Medical image processing is becoming one of the most efficient and reliable medical engineering applications due to the major advances in segmentation and computational techniques. Image processing is used to analyze x-ray and blood smear images for early diseases diagnosis such as anemia, kidney tumors, and lung diseases. Clinically, to measure the number of blood cells and evaluate their characteristics, a complete blood count (CBC) is required. In biomedicine, CBC is used to analyze patient’s overall health and detect blood diseases or abnormal immunological reaction by measuring the number and/or morphology of red blood cells (RBCs) and white blood cells (WBCs). Traditional processes for CBC rely on human assistance, where counting and classifying cells are done manually through a microscope. Those techniques are usually inaccurate, time consuming, and may lead to erroneous results as the whole process is subject to human factors. Currently, some hospitals and laboratories start applying sophisticated analyzers which use laser flow cell sensors to detect and count different blood elements and cells automatically. However, those instruments are very expensive and most of laboratories and hospitals in rural places are unable to afford such sophisticated and efficient equipment. Hence, a computer-based solution is required to automate the CBC and reduce its cost.


Recently, microscopic image processing has received more attention and has shown impressive improvements in biomedicine to enable diagnostic tests for diverse healthcare applications.
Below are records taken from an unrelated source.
(* For every $v\in\mathbb T_F$ and $i\in[1,n]$, the pull-back $\mu_{v_0}^*(X_{i;v})\in R(X_1,\dots,X_n)$ satisfies $$\lim_{\mathbf t\to0}\mu_{v_0}^*(X_{i;v})=\mathbf X^{\mathbf c_{i;v}}:=X_1^{c_{1i;v}}\cdots X_n^{c_{ni;v}}$$ (the limit along any path $\gamma:[0,1]\to\mathbb C^n$ with $\gamma(1)=0$). Moreover, $\mu_{v_0}^*(X_{i;v})$ is the unique homogenization of degree $\mathbf c_{i;v}$ of the coefficient-free rational function $\mu_{v_0}^*(X_{i;v})|_{\mathbf t=(1,\dots,1)}\in\mathbb C(X_1,\dots,X_n)$ satisfying this limit property; here, writing that coefficient-free function as $f/g$ with $f,g\in\mathbb C[X_1,\dots,X_n]$ coprime, a homogenization of degree $\mathbf c$ means a rational function $\tilde f/\tilde g$ homogeneous of degree $\mathbf c$ for the standard grading, where $\tilde f,\tilde g\in R[X_1,\dots,X_n]$ are obtained from $f,g$ by multiplying each monomial by a monomial in $t_1,\dots,t_n$.
   Context: Fix $n\ge1$, a skew-symmetrizable integer matrix $B\in\mathbb Z^{n\times n}$ and a subset $F\subseteq[1,n]$ of frozen directions. Matrix mutation in direction $k$: $b'_{ij}=-b_{ij}$ if $i=k$ or $j=k$, else $b'_{ij}=b_{ij}+\operatorname{sgn}(b_{ik})[b_{ik}b_{kj}]_+$, with $[x]_+=\max(x,0)$ (componentwise on vectors). Let $\mathbb T$ be the $n$-regular tree with edges labeled by $[1,n]$ (distinct labels at each vertex) and initial vertex $v_0$, and $\mathbb T_F$ the subtree of vertices reachable from $v_0$ using only edges with labels in $[1,n]\setminus F$. Set $B_{v_0}=B$ and $B_{v'}=\mu_k(B_v)$ for an edge $v\overset{k}{-}v'$; write $B_v=(b^v_{ij})$. The $\mathbf c$-vectors $\mathbf c_{j;v}=(c_{1j;v},\dots,c_{nj;v})\in\mathbb Z^n$ are defined by $\mathbf c_{j;v_0}=\mathbf e_j$ and, for an edge $v\overset{k}{-}v'$, $c_{ik;v'}=-c_{ik;v}$ and $c_{ij;v'}=c_{ij;v}+[c_{ik;v}]_+b^v_{kj}+c_{ik;v}[-b^v_{kj}]_+$ for $j\ne k$. Each $\mathbf c_{j;v}$ is nonzero and sign-coherent (all entries $\ge0$ or all $\le0$). Let $R=\mathbb C[t_1,\dots,t_n]$ and $\mathbf t^{\mathbf a}=\prod t_i^{a_i}$ for $\mathbf a\in\mathbb Z_{\ge0}^n$. For $v\in\mathbb T_F$ let $U_v=\operatorname{Spec}R[X_{1;v},\dots,X_{n;v}]$. For an edge $v\overset{k}{-}v'$ in $\mathbb T_F$ let $\mu_k:U_v\dashrightarrow U_{v'}$ be the birational map with pull-back $\mu_k^*(X_{k;v'})=X_{k;v}^{-1}$ and, for $i\ne k$, $\mu_k^*(X_{i;v'})=X_{i;v}\big(\mathbf t^{[\operatorname{sgn}(b^v_{ki})\mathbf c_{k;v}]_+}+\mathbf t^{[-\operatorname{sgn}(b^v_{ki})\mathbf c_{k;v}]_+}X_{k;v}^{-\operatorname{sgn}(b^v_{ki})}\big)^{-b^v_{ki}}$. $\widehat{\mathscr X}$ is the $R$-scheme obtained by gluing the $U_v$ along the largest open subsets on which the composite maps are isomorphisms. Write $X_i:=X_{i;v_0}$; $\mu_{v_0}^*(X_{i;v})\in R(X_1,\dots,X_n)$ is obtained by iterating these pull-backs along the path from $v$ to $v_0$. Standard grading: $\deg X_i=\mathbf e_i$, $\deg t_i=-\mathbf e_i$, extended to ratios of homogeneous elements by $\deg(f/g)=\deg f-\deg g$. *)

From HB Require Import structures.
From mathcomp Require Import all_boot all_order all_algebra.
From mathcomp Require Import fraction.
From mathcomp Require Import Rstruct.
From mathcomp Require Import complex.
From mathcomp Require Import mpoly.
Set Implicit Arguments. Unset Strict Implicit. Unset Printing Implicit Defensive.
Import Order.TTheory GRing.Theory Num.Theory.
Local Open Scope ring_scope.

Notation "x %:F" := (@FracField.tofrac _ x) (format "x %:F") : ring_scope.

Definition RR : rcfType := Rdefinitions.R.
Definition Cc := (RR)[i].
Definition normC (z : Cc) : RR := ComplexField.Normc.normc z.

Definition pos (x : int) : int := Num.max x 0.

Definition skew_symmetrizable n (B : 'M[int]_n) : Prop :=
  exists d : 'I_n -> nat, (forall i, (0 < d i)%N) /\
    forall i j, (d i)%:Z * B i j = - ((d j)%:Z * B j i).

Definition mut_mat n (k : 'I_n) (B : 'M[int]_n) : 'M[int]_n :=
  \matrix_(i, j) (if (i == k) || (j == k) then - B i j
                  else B i j + sgz (B i k) * pos (B i k * B k j)).

(* c-vector mutation; column j of Cm is c_{j;v}, entry (i,j) is c_{ij;v};
   B is the exchange matrix B_v at the vertex v being mutated from *)
Definition mut_c n (k : 'I_n) (B Cm : 'M[int]_n) : 'M[int]_n :=
  \matrix_(i, j) (if j == k then - Cm i k
                  else Cm i j + pos (Cm i k) * B k j + Cm i k * pos (- B k j)).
Different approaches have been suggested in literature in order to automate RBCs and WBCs counting. Most of those studies focused on images filtering and pre-processing to enhance cells segmentation and counting. Meanwhile, artificial intelligence (AI) is also witnessing an increasing proliferation in biomedicine and researchers are investigating its use in real world and healthcare applications through machine learning techniques and neural network computing. In fact, AI proved its efficiency in bioclinical medicine, molecular medicine, and medical imaging especially in pattern recognition and image segmentation. In this research, a novel framework that automatically counts and classifies different blood cells, i.e.,  RBCs and WBCs, in a given microscopic blood smear image using a combination of convolutional neural network (CNN), transfer learning, and mask R-CNN techniques. The objective is to apply image segmentation techniques in order to locate, predict boundaries, classify, and count RBCs and WBCs in blood smear images. Unlike previous studies which relied on traditional image processing techniques and image segmentation, in this work, we advocate the use of mask R-CNN for not only its efficiency in object detection and classification but also for its performance in instance segmentation. As a result, it can be utilized to detect different cells blood smears and differentiate between overlapped cells and objects belonging to the same class. In this context, we propose the use of Resnet-101 as a backbone for feature pyramid network model and Microsoft common objects in context (MS-COCO) pre-trained model to initiate the neural network model weights. In addition, data augmentation and regulation techniques are applied to enhance the model detection and reduce the counting error. The obtained results reveal a highly detection rate of different blood cells. In addition, unlike other state-of-the-art techniques, our proposed method has the ability to identify overlapped and faded cells.